_Task directions_
Each line below that includes the word "which" is to be reported.

# # # #

Lemma sublinear_dominates_linear r :
  sublinear r -> exists q, linear_form q /\ forall x, q x <= r x.
Proof.
  intro Hr.
  set (T := {q | sublinear q /\ forall x, q x <= r x}).
  set (below := fun s t : T => boolp.asbool (forall x, proj1_sig t x <= proj1_sig s x)).
  assert (Hbelow : forall s t : T, is_true (below s t) <-> forall x, proj1_sig t x <= proj1_sig s x).
  { intros s t. unfold below. split; intro H; [exact (boolp.asboolW H) | exact (boolp.asboolT H)]. }
  destruct (@classical_sets.ZL_preorder T (exist _ r (conj Hr (fun x => Rle_refl _))) below)
    as [[q [Hq Hqr]] Hmin].
  - intro t. apply Hbelow. intro x. lra.
  - intros s t u Hst Htu. apply Hbelow. intro x.
    assert (H1 := proj1 (Hbelow _ _) Hst x). assert (H2 := proj1 (Hbelow _ _) Htu x). lra.
  - intros C Hchain.
    destruct (classic (exists s, C s)) as [[s0 Hs0] | Hempty].
    + destruct (chain_inf_sublinear r (fun q => exists s : T, C s /\ proj1_sig s = q) Hr)
        as [Q [HQs [HQr HQ]]].
      * intros q [s [_ <-]]. exact (proj2_sig s).
      * exists (proj1_sig s0); eauto.
      * intros q1 q2 [s1 [H1 <-]] [s2 [H2 <-]].
        destruct (Hchain s1 s2 H1 H2) as [H12 | H21];
          [right; exact (proj1 (Hbelow _ _) H12) | left; exact (proj1 (Hbelow _ _) H21)].
      * exists (exist _ Q (conj HQs HQr)). intros s Hs. apply Hbelow. intro x.
        apply (HQ (proj1_sig s)); eauto.
    + exists (exist _ r (conj Hr (fun x => Rle_refl _))). intros s Hs. exfalso. eauto.
  - exists q. split; [| exact Hqr].
    apply sublinear_odd_linear; [exact Hq |]. intro a.
    (* minimality of [q] makes it agree with [trim q a], which is odd at [a] *)
    assert (Htrim : is_true (below (exist _ q (conj Hq Hqr))
               (exist _ (trim q a) (conj (trim_sublinear q a Hq)
                  (fun x => Rle_trans _ _ _ (trim_le_self q a Hq x) (Hqr x)))))).
    { apply Hbelow. intro x. apply trim_le_self, Hq. }
    assert (H := proj1 (Hbelow _ _) (Hmin _ Htrim) (vopp a)). simpl in H.
    assert (H' := trim_opp q a Hq). lra.
Qed.
(* Consider an MDP $(\mathcal{S},\mathcal{A},\tau,\mu_0,R_1,\gamma)$ and alternative transition dynamics $\tau':\mathcal{S}\times\mathcal{A}\to\Delta(\mathcal{S})$. Then for any function $\mathcal{L}:\mathcal{S}\times\mathcal{A}\to\mathbb{R}$ there exists a reward function $R_2:\mathcal{S}\times\mathcal{A}\times\mathcal{S}\to\mathbb{R}$ such that $\mathbb{E}_{S'\sim\tau(s,a)}[R_2(s,a,S')]=\mathbb{E}_{S'\sim\tau(s,a)}[R_1(s,a,S')]$ for all $s\in\mathcal{S},a\in\mathcal{A}$ (i.e. $R_2$ is produced from $R_1$ by $S'$-redistribution under $\tau$), and $\mathbb{E}_{S'\sim\tau'(s,a)}[R_2(s,a,S')]=\mathcal{L}(s,a)$ for all $(s,a)$ with $\tau(s,a)\neq\tau'(s,a)$.
   Context: An MDP is $(\mathcal{S},\mathcal{A},\tau,\mu_0,R,\gamma)$ with finite state set $\mathcal{S}$, finite action set $\mathcal{A}$, transition dynamics $\tau:\mathcal{S}\times\mathcal{A}\to\Delta(\mathcal{S})$, initial distribution $\mu_0\in\Delta(\mathcal{S})$, reward $R:\mathcal{S}\times\mathcal{A}\times\mathcal{S}\to\mathbb{R}$, and $\gamma\in(0,1)$. *)

From HB Require Import structures.
From mathcomp Require Import all_boot all_order all_algebra.
From mathcomp Require Import reals.
Set Implicit Arguments. Unset Strict Implicit. Unset Printing Implicit Defensive.
Import Order.TTheory GRing.Theory Num.Theory.
Local Open Scope ring_scope.

Definition is_distr (R : realType) (T : finType) (p : {ffun T -> R}) : Prop :=
  (forall t, 0 <= p t) /\ \sum_(t : T) p t = 1.

Definition is_transition (R : realType) (S A : finType)
  (tau : S -> A -> {ffun S -> R}) : Prop :=
  forall s a, is_distr (tau s a).

Definition expect_next (R : realType) (S A : finType)
  (tau : S -> A -> {ffun S -> R}) (Rw : S -> A -> S -> R) (s : S) (a : A) : R :=
  \sum_(s' : S) tau s a s' * Rw s a s'.

(* Adding to R1 a multiple of a reward that is centred under tau(s,a) leaves
   its tau-expectation unchanged.  Take the difference d = tau'(s,a) - tau(s,a)
   and centre it under tau(s,a): its expectation under tau'(s,a) is then
   E_tau'[d] - E_tau[d] = sum d^2, which is nonzero exactly when the two
   distributions differ, so a suitable multiple moves the tau'-expectation to
   any prescribed value L(s,a). *)
From HB Require Import structures.
From mathcomp Require Import all_boot all_order all_algebra.
From mathcomp Require Import reals.
From mathcomp Require Import ring.
Set Implicit Arguments. Unset Strict Implicit. Unset Printing Implicit Defensive.
Import Order.TTheory GRing.Theory Num.Theory.
Local Open Scope ring_scope.

Section Redistribution.

Variables (R : realFieldType) (T : finType).
Implicit Types (p q : T -> R) (f g : T -> R).

Definition expect p f : R := \sum_t p t * f t.

Definition center p f : T -> R := fun t => f t - expect p f.

Definition separator p q : T -> R :=
  fun t => center p (fun x => q x - p x) t / \sum_x (q x - p x) ^+ 2.

Definition redistribute p q g (l : R) : T -> R :=
  fun t => g t + (l - expect q g) * separator p q t.

Lemma expect_addr_scale p f g (c : R) :
  expect p (fun t => f t + c * g t) = expect p f + c * expect p g.
Proof.
rewrite /expect mulr_sumr -big_split /=.
by apply: eq_bigr => t _; rewrite mulrDr mulrCA.
Qed.

Lemma expect_center p q f : \sum_t q t = 1 ->
  expect q (center p f) = expect q f - expect p f.
Proof.
move=> q1; rewrite /expect /center.
under eq_bigr => t _ do rewrite mulrBr.
by rewrite sumrB -mulr_suml q1 mul1r.
Qed.

Lemma expect_diff_center p q : \sum_t q t = 1 ->
  expect q (center p (fun x => q x - p x)) = \sum_x (q x - p x) ^+ 2.
Proof.
move=> q1; rewrite expect_center // /expect -sumrB.
by apply: eq_bigr => t _; ring.
Qed.

Lemma sum_sqr_diff_eq0 p q : \sum_x (q x - p x) ^+ 2 = 0 -> p =1 q.
Proof.
move=> sum0 x; apply/eqP; rewrite eq_sym -subr_eq0 -sqrf_eq0.
by apply/eqP; apply: (psumr_eq0P _ sum0) => // y _; exact: sqr_ge0.
Qed.

Lemma expect_separator_self p q : \sum_t p t = 1 ->
  expect p (separator p q) = 0.
Proof.
move=> p1; rewrite /expect /separator.
under eq_bigr => t _ do rewrite mulrA.
by rewrite -mulr_suml [X in X / _]expect_center // subrr mul0r.
Qed.

Lemma expect_separator_other p q : \sum_t q t = 1 -> ~ p =1 q ->
  expect q (separator p q) = 1.
Proof.
move=> q1 pNq; rewrite /expect /separator.
under eq_bigr => t _ do rewrite mulrA.
rewrite -mulr_suml [X in X / _]expect_diff_center // divff //.
by apply/eqP => /sum_sqr_diff_eq0.
Qed.

Lemma expect_redistribute_self p q g l : \sum_t p t = 1 ->
  expect p (redistribute p q g l) = expect p g.
Proof.
by move=> p1; rewrite expect_addr_scale expect_separator_self // mulr0 addr0.
Qed.

Lemma expect_redistribute_other p q g l : \sum_t q t = 1 -> ~ p =1 q ->
  expect q (redistribute p q g l) = l.
Proof.
move=> q1 pNq; rewrite expect_addr_scale expect_separator_other // mulr1.
by rewrite addrC subrK.
Qed.

End Redistribution.

Theorem theorem4p1 (R : realType) (S A : finType)
  (tau : S -> A -> {ffun S -> R}) (mu0 : {ffun S -> R})
  (R1 : S -> A -> S -> R) (gamma : R)
  (Htau : is_transition tau) (Hmu0 : is_distr mu0)
  (Hgamma : 0 < gamma < 1)
  (tau' : S -> A -> {ffun S -> R}) (Htau' : is_transition tau')
  (L : S -> A -> R) :
  exists R2 : S -> A -> S -> R,
    (forall s a, expect_next tau R2 s a = expect_next tau R1 s a) /\
    (forall s a, tau s a <> tau' s a -> expect_next tau' R2 s a = L s a).
Proof.
exists (fun s a => redistribute (tau s a) (tau' s a) (R1 s a) (L s a)).
split=> s a.
  by apply: expect_redistribute_self; case: (Htau s a).
move=> tauNtau'; apply: expect_redistribute_other; first by case: (Htau' s a).
by move/ffunP.
Qed.
Lemma card_supersets (T : finType) (K : {set T}) L : #|K| <= L ->
  #|[set S : {set T} | (#|S| == L) && (K \subset S)]| = 'C(#|T| - #|K|, L - #|K|).
Proof.
move=> KL.
have injD : {in [set S : {set T} | (#|S| == L) && (K \subset S)] &,
              injective (fun S => S :\: K)}.
  move=> S1 S2; rewrite !inE => /andP[_ KS1] /andP[_ KS2] eqD.
  by rewrite -(setID S1 K) -(setID S2 K) (setIidPr KS1) (setIidPr KS2) eqD.
have -> : #|T| - #|K| = #|~: K| by rewrite -(cardsC K) addKn.
rewrite -cards_draws -(card_in_imset injD); apply: eq_card => S'.
rewrite inE; apply/imsetP/andP => [[S] | [S'K /eqP cardS']].
  rewrite inE => /andP[/eqP cardS KS] ->.
  by rewrite cardsD (setIidPr KS) cardS setDE subsetIr eqxx.
have dS'K : [disjoint S' & K] by rewrite disjoints_subset.
exists (S' :|: K); last by rewrite setDUl setDv setU0 (setDidPl dS'K).
by rewrite inE subsetUr cardsU (disjoint_setI0 dS'K) cards0 subn0 cardS' subnK ?eqxx.
Qed.

Lemma exists_subset_card (T : finType) (B : {set T}) k : k <= #|B| ->
  exists2 K : {set T}, K \subset B & #|K| = k.
Proof.
move=> kB; have : 0 < #|[set K : {set T} | K \subset B & #|K| == k]|.
  by rewrite cards_draws bin_gt0.
by case/card_gt0P => K; rewrite inE => /andP[KB /eqP cardK]; exists K.
Qed.

Lemma card_meet_geq_leq_sum (T U : finType) (A : {set T}) (B : U -> {set T})
    (D : pred U) k :
  #|[set x | D x && (k <= #|A :&: B x|)]| <=
    \sum_(K : {set T} | (K \subset A) && (#|K| == k)) #|[set x | D x && (K \subset B x)]|.
Proof.
under eq_bigr => K _ do rewrite -sum1_card.
rewrite -sum1_card (exchange_big_dep predT) //= big_mkcond /=.
apply: leq_sum => x _; case: ifP => //; rewrite inE => /andP[Dx kAB].
have [K KAB cardK] := exists_subset_card kAB.
rewrite (bigD1 K) ?leq_addr //= inE Dx cardK eqxx (subset_trans KAB (subsetIr _ _)).
by rewrite (subset_trans KAB (subsetIl _ _)).
Qed.
(** Sum of [f] over a finite set [P] (0 if [P] is not finite).  The value
    does not depend on the chosen duplicate-free enumeration. *)
Definition fsum {T : Type} (P : T -> Prop) (f : T -> R) : R :=
  match excluded_middle_informative
          (exists l : list T, NoDup l /\ forall t, P t <-> In t l) with
  | left H =>
      fold_right (fun t acc => f t + acc) 0
        (proj1_sig (constructive_indefinite_description _ H))
  | right _ => 0
  end.

Fixpoint chain {V : Type} (r : V -> V -> Prop) (g : list V) : Prop :=
  match g with
  | a :: ((b :: _) as t) => r a b /\ chain r t
  | _ => True
  end.

Fixpoint nonbacktracking {V : Type} (g : list V) : Prop :=
  match g with
  | a :: ((_ :: c :: _) as t) => a <> c /\ nonbacktracking t
  | _ => True
  end.

Definition path_from_to {V : Type} (r : V -> V -> Prop) (g : list V)
  (x y : V) (n : nat) : Prop :=
  length g = S n /\ chain r g /\ nth 0 g x = x /\ nth n g x = y.

Definition is_tree {V : Type} (adj : V -> V -> Prop) : Prop :=
  (forall x y, adj x y -> adj y x) /\
  (forall x, ~ adj x x) /\
  (forall x y, exists g n, path_from_to adj g x y n) /\
  (* no cycles: every non-backtracking walk of positive length
     has distinct endpoints *)
  (forall g x y n, path_from_to adj g x y n -> (0 < n)%nat ->
      nonbacktracking g -> x <> y).

Definition infinite_type (V : Type) : Prop :=
  ~ exists l : list V, forall v, In v l.

Definition bounded_valence {V : Type} (adj : V -> V -> Prop) : Prop :=
  exists D : nat, forall x, exists l : list V,
    (length l <= D)%nat /\ forall y, adj x y -> In y l.

Definition min_degree_3 {V : Type} (adj : V -> V -> Prop) : Prop :=
  forall x, exists a b c, adj x a /\ adj x b /\ adj x c /\
    a <> b /\ a <> c /\ b <> c.

Definition dist_gt {V : Type} (adj : V -> V -> Prop) (x y : V) (k : nat) : Prop :=
  forall g n, path_from_to adj g x y n -> (k < n)%nat.
Definition dist_ge {V : Type} (adj : V -> V -> Prop) (x y : V) (M : nat) : Prop :=
  forall g n, path_from_to adj g x y n -> (M <= n)%nat.

Definition is_automorphism {V : Type} (adj : V -> V -> Prop) (f : V -> V) : Prop :=
  (exists g : V -> V, (forall v, g (f v) = v) /\ (forall v, f (g v) = v)) /\
  (forall x y, adj x y <-> adj (f x) (f y)).

Definition is_subgroup_Aut {V : Type} (adj : V -> V -> Prop)
  (Gamma : (V -> V) -> Prop) : Prop :=
  (forall f, Gamma f -> is_automorphism adj f) /\
  Gamma (fun v => v) /\
  (forall f g, Gamma f -> Gamma g -> Gamma (fun v => f (g v))) /\
  (forall f, Gamma f -> exists g, Gamma g /\ forall v, g (f v) = v /\ f (g v) = v).

Definition finite_quotient {V : Type} (Gamma : (V -> V) -> Prop) : Prop :=
  exists l : list V, forall x, exists f v, Gamma f /\ In v l /\ x = f v.

Definition transition_kernel {V : Type} (p : V -> V -> R) : Prop :=
  (forall x y, 0 <= p x y <= 1) /\
  (forall x, fsum (fun y => 0 < p x y) (fun y => p x y) = 1).

(** Product of the transition probabilities along a path
    (the weight w_z(gamma) is z^n times this). *)
Fixpoint path_prob {V : Type} (p : V -> V -> R) (g : list V) : R :=
  match g with
  | a :: ((b :: _) as t) => p a b * path_prob p t
  | _ => 1
  end.

Definition p_admissible {V : Type} (p : V -> V -> R) (g : list V) : Prop :=
  chain (fun a b => 0 < p a b) g.

Definition pn {V : Type} (p : V -> V -> R) (n : nat) (x y : V) : R :=
  fsum (fun g => path_from_to (fun a b => 0 < p a b) g x y n) (path_prob p).

Definition in_Ph_first {V : Type} (p : V -> V -> R) (x y : V) (g : list V) : Prop :=
  exists n, path_from_to (fun a b => 0 < p a b) g x y n /\
    forall i, (0 < i < n)%nat -> nth i g x <> y.

(** p^(n)(x,y;{y}^c): coefficient of z^n in F_z(x,y). *)
Definition fpn {V : Type} (p : V -> V -> R) (n : nat) (x y : V) : R :=
  fsum (fun g => in_Ph_first p x y g /\ length g = S n) (path_prob p).
Lemma inversion_cycle_closed u w : u \in y :: P -> inv u w -> w \in y :: P.
Proof.
have xP i : i < k -> x i \in y :: P by move=> hi; rewrite inE mem_nth ?orbT.
have end_closed i j : i < k -> j < k -> i != j -> inv (x i) (x j) -> inv (x i) y ->
    inv (x i) w -> w \in y :: P.
  move=> hi hj nij ij iy /(inverted_deg2 ij iy (y_neq hj)) /orP[] /eqP ->.
  - exact: xP.
  - by rewrite inE eqxx.
rewrite inE => /orP[/eqP ->|uP].
  have n0l : x 0 != x k.-1 by apply: (ipath_neq hP); lia.
  have y0 : inv y (x 0) by rewrite invC.
  have yl : inv y (x k.-1) by rewrite invC.
  by move=> /(inverted_deg2 y0 yl n0l) /orP[] /eqP ->; apply: xP; lia.
rewrite -(nth_index x0 uP); set i := index u P; have hi : i < k by rewrite index_mem.
case: (posnP i) => [-> u0|i_pos].
  by apply: (end_closed 0 1) => //; [lia|apply: (ipath_inv hP)].
case: (ltnP i.+1 k) => [hi1 uw|hik].
  by rewrite inE (ipath_interior hP i_pos hi1 uw) orbT.
have -> : i = (k.-2).+1 by lia.
apply: (end_closed _ k.-2); [lia|lia|lia| |by rewrite prednK; lia].
by rewrite invC; apply: (ipath_inv hP); lia.
Qed.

# # # #

_Completed exercise_
    (* minimality of [q] makes it agree with [trim q a], which is odd at [a] *)
   E_tau'[d] - E_tau[d] = sum d^2, which is nonzero exactly when the two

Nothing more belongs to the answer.